Because, said Sanders, it all leads to the wrongful conviction at trial, and under established law, a prosecutor is free to willfully bring criminal charges based on "good evidence, bad evidence, or no evidence at all." The established law, said Sanders, is that the prosecutor is immune regardless.

Justice Ruth Bader Ginsburg was skeptical. If this fabrication had not occurred, she observed, there never would have been any trial at all.

U.S. Government Position

Siding with the prosecutors in court Wednesday was the U.S. government, represented by Deputy Solicitor General Neal Katyal. Like Sanders, Katyal asserted there is no constitutional right not to be framed.

If prosecutors are immune, asked Justice Antonin Scalia, how do you get the policeman who has fabricated evidence?
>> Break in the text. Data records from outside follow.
Lemma periodic_max_principle (f g : R -> R) (T K L : R) :
  0 < T -> periodic f T -> (forall x : R, is_derive x 1 f (g x)) ->
  0 < K -> (forall x y, `|g x - g y| <= K * `|x - y|) ->
  {ae mu, forall x, L < f x -> derivable g x 1 /\ 0 < derive1 g x} ->
  forall x, f x <= L.
Proof.
move=> T0 fT fd K0 gLip [N [mN N0 gN]] x1.
have Nneg : mu.-negligible N by exists N; split.
have g'pos x : ~ N x -> L < f x -> derivable g x 1 /\ 0 < derive1 g x.
  by move=> Nx; apply: contrapT => /gN.
have fc : continuous f.
  by move=> x; apply: differentiable_continuous; apply/derivable1_diffP; case: (fd x).
rewrite leNgt; apply/negP => Lfx1.
have [x0 fmax] := periodic_continuous_max T0 fT fc.
have [d d0 Lf] : exists2 d, 0 < d & forall t, x0 < t < x0 + d -> L < f t.
  have := cvgr_gt _ (fc x0) _ (lt_le_trans Lfx1 (fmax x1)) => /(_ _).
  move=> /nbhs_ballP[e /= e0 He]; exists e => // t /andP[x0t td]; apply: He.
  by rewrite /ball /= ltr0_norm ?subr_lt0 //; lra.
have gge0 t : x0 < t < x0 + d -> 0 <= g t.
  move=> /andP[x0t td]; rewrite -(derive_eq0_at_max fd fmax).
  apply: (lipschitz_ae_derive_gt0_le K0 gLip Nneg (ltW x0t)).
  move=> x /andP[x0x xt] Nx; apply: g'pos Nx (Lf x _).
  by rewrite x0x (lt_trans xt).
have g0 := derive_ge0_right_of_max fd fmax gge0.
have [t [/andP[x0t td] Nt]] := exists_notin_negligible (ltr_pwDr d0 (lexx x0)) Nneg.
have [dg g't] := g'pos t Nt (Lf t (introT andP (conj x0t td))).
have [x [/andP[tx xd] gtx]] := derive1_gt0_right dg g't td.
by move: gtx; rewrite !g0 ?ltxx ?x0t ?td ?xd ?(lt_trans x0t tx).
Qed.

Lemma ode_threshold_sign (c2 A B T p p2 e : R) :
  c2 < 0 -> 0 <= A + B -> 0 < T -> 0 < p -> 0 < e ->
  c2 * p2 - A * p `^ (- e - 1) - B * p `^ (- e - 1) + T * p `^ (e - 1) = 0 ->
  (((A + B) / T) `^ (1 / (2 * e)) < p -> 0 < p2) /\
  (p < ((A + B) / T) `^ (1 / (2 * e)) -> p2 < 0).
Proof.
move=> c20 AB0 T0 p0 e0 E.
set P1 := p `^ (- e - 1).
have P10 : 0 < P1 by rewrite /P1 powR_gt0.
have P2E : p `^ (e - 1) = p `^ (2 * e) * P1.
  rewrite /P1 -powRD; last by rewrite (lt0r_neq0 p0) implybT.
  congr (_ `^ _); ring.
set X := (A + B) / T.
have X0 : 0 <= X by rewrite /X divr_ge0 // ltW.
have AB : A + B = X * T by rewrite /X divfK // lt0r_neq0.
set Y := p `^ (2 * e).
have MX : (X `^ (1 / (2 * e))) `^ (2 * e) = X.
  rewrite -powRrM (_ : 1 / (2 * e) * (2 * e) = 1) ?powRr1 //.
  by rewrite mul1r mulVf // mulf_neq0 // lt0r_neq0.
have key : c2 * p2 = P1 * T * (X - Y).
  have -> : P1 * T * (X - Y) = P1 * (X * T) - T * (Y * P1) by ring.
  rewrite -AB; move: E; rewrite P2E => E.
  rewrite -[c2 * p2]subr0 -E /P1 /Y; ring.
have e2 : 0 < 2 * e by rewrite mulr_gt0.
split => h.
  have : X < Y.
    by rewrite -MX /Y; apply: gt0_ltr_powR => //; rewrite nnegrE ?powR_ge0 // ltW.
  move=> XY; have : P1 * T * (X - Y) < 0 by rewrite pmulr_rlt0 ?mulr_gt0 // subr_lt0.
  rewrite -key; nra.
have : Y < X.
  by rewrite -MX /Y; apply: gt0_ltr_powR => //; rewrite nnegrE ?powR_ge0 // ltW.
move=> XY; have : 0 < P1 * T * (X - Y) by rewrite mulr_gt0 ?mulr_gt0 // subr_gt0.
rewrite -key; nra.
Qed.

Lemma Mpm_ode_sign (n : nat) (N : R -> R) (t eta mu d s p p2 : R) :
  (3 <= n)%N -> 0 < d -> `|t| != 1 -> (s = 1 \/ s = -1) -> 0 < p ->
  let q := qexp n in let k := kap n in
  - 2 * k * q * d `^ (- (2 * q / n%:R)) * p2
  - 2 * eta ^+ 2 * d `^ (- (2 * q)) * p `^ (- q - 1)
  - k * (mu * d `^ (- q) + gammaN N + s) ^+ 2 * p `^ (- q - 1)
  + k * (t + s) ^+ 2 * p `^ (q - 1) = 0 ->
  (Mpm n N t eta mu d s < p -> 0 < p2) /\ (p < Mpm n N t eta mu d s -> p2 < 0).
Proof.
move=> n3 d0 t1 s1 p0 q k E.
have n3R : (3 : R) <= n%:R by rewrite (ler_nat R 3 n).
have q0 : 0 < q by rewrite /q /qexp divr_gt0 //; lra.
have k0 : 0 < k by rewrite /k /kap divr_gt0 //; lra.
apply: ode_threshold_sign E => //.
- have : 0 < k * q * d `^ (- (2 * q / n%:R)).
    by apply: mulr_gt0; [exact: mulr_gt0 | exact: powR_gt0].
  lra.
- apply: addr_ge0; apply: mulr_ge0.
  + by apply: mulr_ge0; rewrite ?sqr_ge0.
  + exact: powR_ge0.
  + exact: ltW.
  + exact: sqr_ge0.
- apply: mulr_gt0 => //; rewrite lt_def sqr_ge0 andbT sqrf_eq0.
  apply: contra t1 => /eqP ts; rewrite (_ : t = - s); last by lra.
  by case: s1 => ->; rewrite ?opprK ?normrN normr1.
Qed.

Lemma lam_pm1 (x : R) : sin x != 0 -> lam x = 1 \/ lam x = -1.
Proof.
rewrite /lam neq_lt => /orP[sx|sx]; [right; exact: ltr0_sg | left; exact: gtr0_sg].
Qed.

Lemma sin_neq0_ae : {ae mu, forall x : R, sin x != 0}.
Proof.
by apply: negligibleS sin_eq0_negligible => x /= /negP; rewrite negbK => /eqP.
Qed.

End max_principle.

Theorem lemma3p12 (R : realType) (n : nat) (hn : (3 <= n)%N)
  (N : R -> R) (hNper : periodic2pi N) (hNsm : smooth N) (hNpos : forall x, 0 < N x)
  (t eta mu : R) (ht : `|t| != 1) :
  forall (d : R), 0 < d ->
  forall (psi : R -> R), W2inf psi -> (forall x, 0 < psi x) ->
    solves_ode n N t eta mu d psi ->
    let m_d := Num.min (Mpm n N t eta mu d 1) (Mpm n N t eta mu d (-1)) in
    let M_d := Num.max (Mpm n N t eta mu d 1) (Mpm n N t eta mu d (-1)) in
    (forall x, m_d <= psi x <= M_d) /\ (m_d <= psi 0 <= M_d).
Proof.
move=> d d0 psi [psi_per [psi_der [C psi'Lip]]] psi_pos psi_ode m_d M_d.
have K0 : 0 < `|C| + 1 by rewrite ltr_pwDr.
have psi'K x y : `|derive1 psi x - derive1 psi y| <= (`|C| + 1) * `|x - y|.
  by apply: le_trans (psi'Lip x y) _; rewrite ler_wpM2r // ler_wpDr // ler_norm.
have psi'N x y : `|(- derive1 psi) x - (- derive1 psi) y| <= (`|C| + 1) * `|x - y|.
  by rewrite !fctE -opprD normrN.
have psi_is_der (x : R) : is_derive x 1 psi (derive1 psi x).
  by rewrite derive1E; exact: derivableP.
have pi2 : 0 < 2 * pi :> R by rewrite mulr_gt0 ?pi_gt0.
have psi''_sign : {ae lebesgue_measure, forall x, derivable (derive1 psi) x 1 /\
    (M_d < psi x -> 0 < derive1 (derive1 psi) x) /\
    (psi x < m_d -> derive1 (derive1 psi) x < 0)}.
  rewrite /solves_ode /= in psi_ode.
  apply: (filterS2 (ae_filter_ringOfSetsType _) _ (@sin_neq0_ae R) psi_ode).
  move=> x sx [dx E].
  have lx := lam_pm1 sx.
  have [gtM ltM] := Mpm_ode_sign hn d0 ht lx (psi_pos x) E.
  split; [done | split => [Mpsi|psim]].
    by apply: gtM; apply: le_lt_trans Mpsi; case: lx => ->; rewrite le_max lexx ?orbT.
  by apply: ltM; apply: lt_le_trans psim _; case: lx => ->; rewrite ge_min lexx ?orbT.
have le_M x : psi x <= M_d.
  apply: (periodic_max_principle pi2 psi_per psi_is_der K0 psi'K) => //.
  apply: (@filterS _ _ (ae_filter_ringOfSetsType _) _ _ _ psi''_sign).
  by move=> y [dy [gtM _]] /gtM.
have ge_m x : m_d <= psi x.
  rewrite -lerN2; apply: (periodic_max_principle (f := - psi) pi2 _ _ K0 psi'N).
  - by move=> y; rewrite !fctE psi_per.
  apply: (@filterS _ _ (ae_filter_ringOfSetsType _) _ _ _ psi''_sign).
  move=> y [dy [_ ltm]] /=; rewrite ltrN2 => psim; split; first exact: derivableN.
  by rewrite derive1E deriveN // oppr_gt0 -derive1E ltm.
by split => [x|]; rewrite ge_m le_M.
Qed.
Sanders replied that the policeman is liable because he is passing the fabricated evidence to an "innocent prosecutor."

Kennedy followed up, asking, "What if the prosecutor knows the evidence is fabricated?" Sanders said that even then, the prosecutor would be immune from any lawsuit.

So, said Kennedy, "the more aggravated" the wrong, "the greater the immunity."

That prompted Sanders to say that prosecutors shouldn't have to worry at trial about being sued or else they would "flinch" and "not introduce evidence." Sotomayor seemed incredulous: "You want to send that message?" she asked. Don't you want prosecutors "not merely to flinch, but to stop when they believe evidence is fabricated?"

At this point in the argument, it looked like there might be at least five votes against the prosecutors in this case.

Prosecutorial Immunity

The worm seemed to turn a bit, though, when Paul Clement, former solicitor general in the Bush administration and now the lawyer for the wronged defendants, tried to define where to draw the line on prosecutorial immunity.

Leading the charge against Clement's position were Chief Justice John Roberts and Justice Samuel Alito, both recent Bush appointees. Alito, who served for seven years as a federal prosecutor, asked the most practical question. Suppose, for example, a prosecutor is investigating an insider-trading case, and the chief financial officer tells one story, then under pressure, tells another, and in exchange for a lighter sentence, implicates the CEO of the company. Could the prosecutor be sued later?

What is missing in that scenario, Clement replied, is fabricated evidence, and any action by the prosecutor prior to indictment.

Alito theorized that the defense might view the evidence as fabricated, and, he observed, the prosecutor, before taking the case to the grand jury, may well want to "look the witness in the eye" to see whether he is "credible."

"I'm worried about what Justice Alito brought up," chimed in Justice Stephen Breyer. "All things being equal, I think it's probably a good thing to get prosecutors involved in the questioning process" early. "That has kind of a check on police."

Clement replied that if you don't have probable cause to arrest an individual, then police and prosecutors should be engaging in the "truth-seeking function." But once you have probable cause to believe this is the person "whodunit," then the prosecutor has a job to do, to put on a case, and at that point, he has immunity for his actions.

By the end of the argument, all that was clear was that this was a case of line-drawing to make the justices squirm.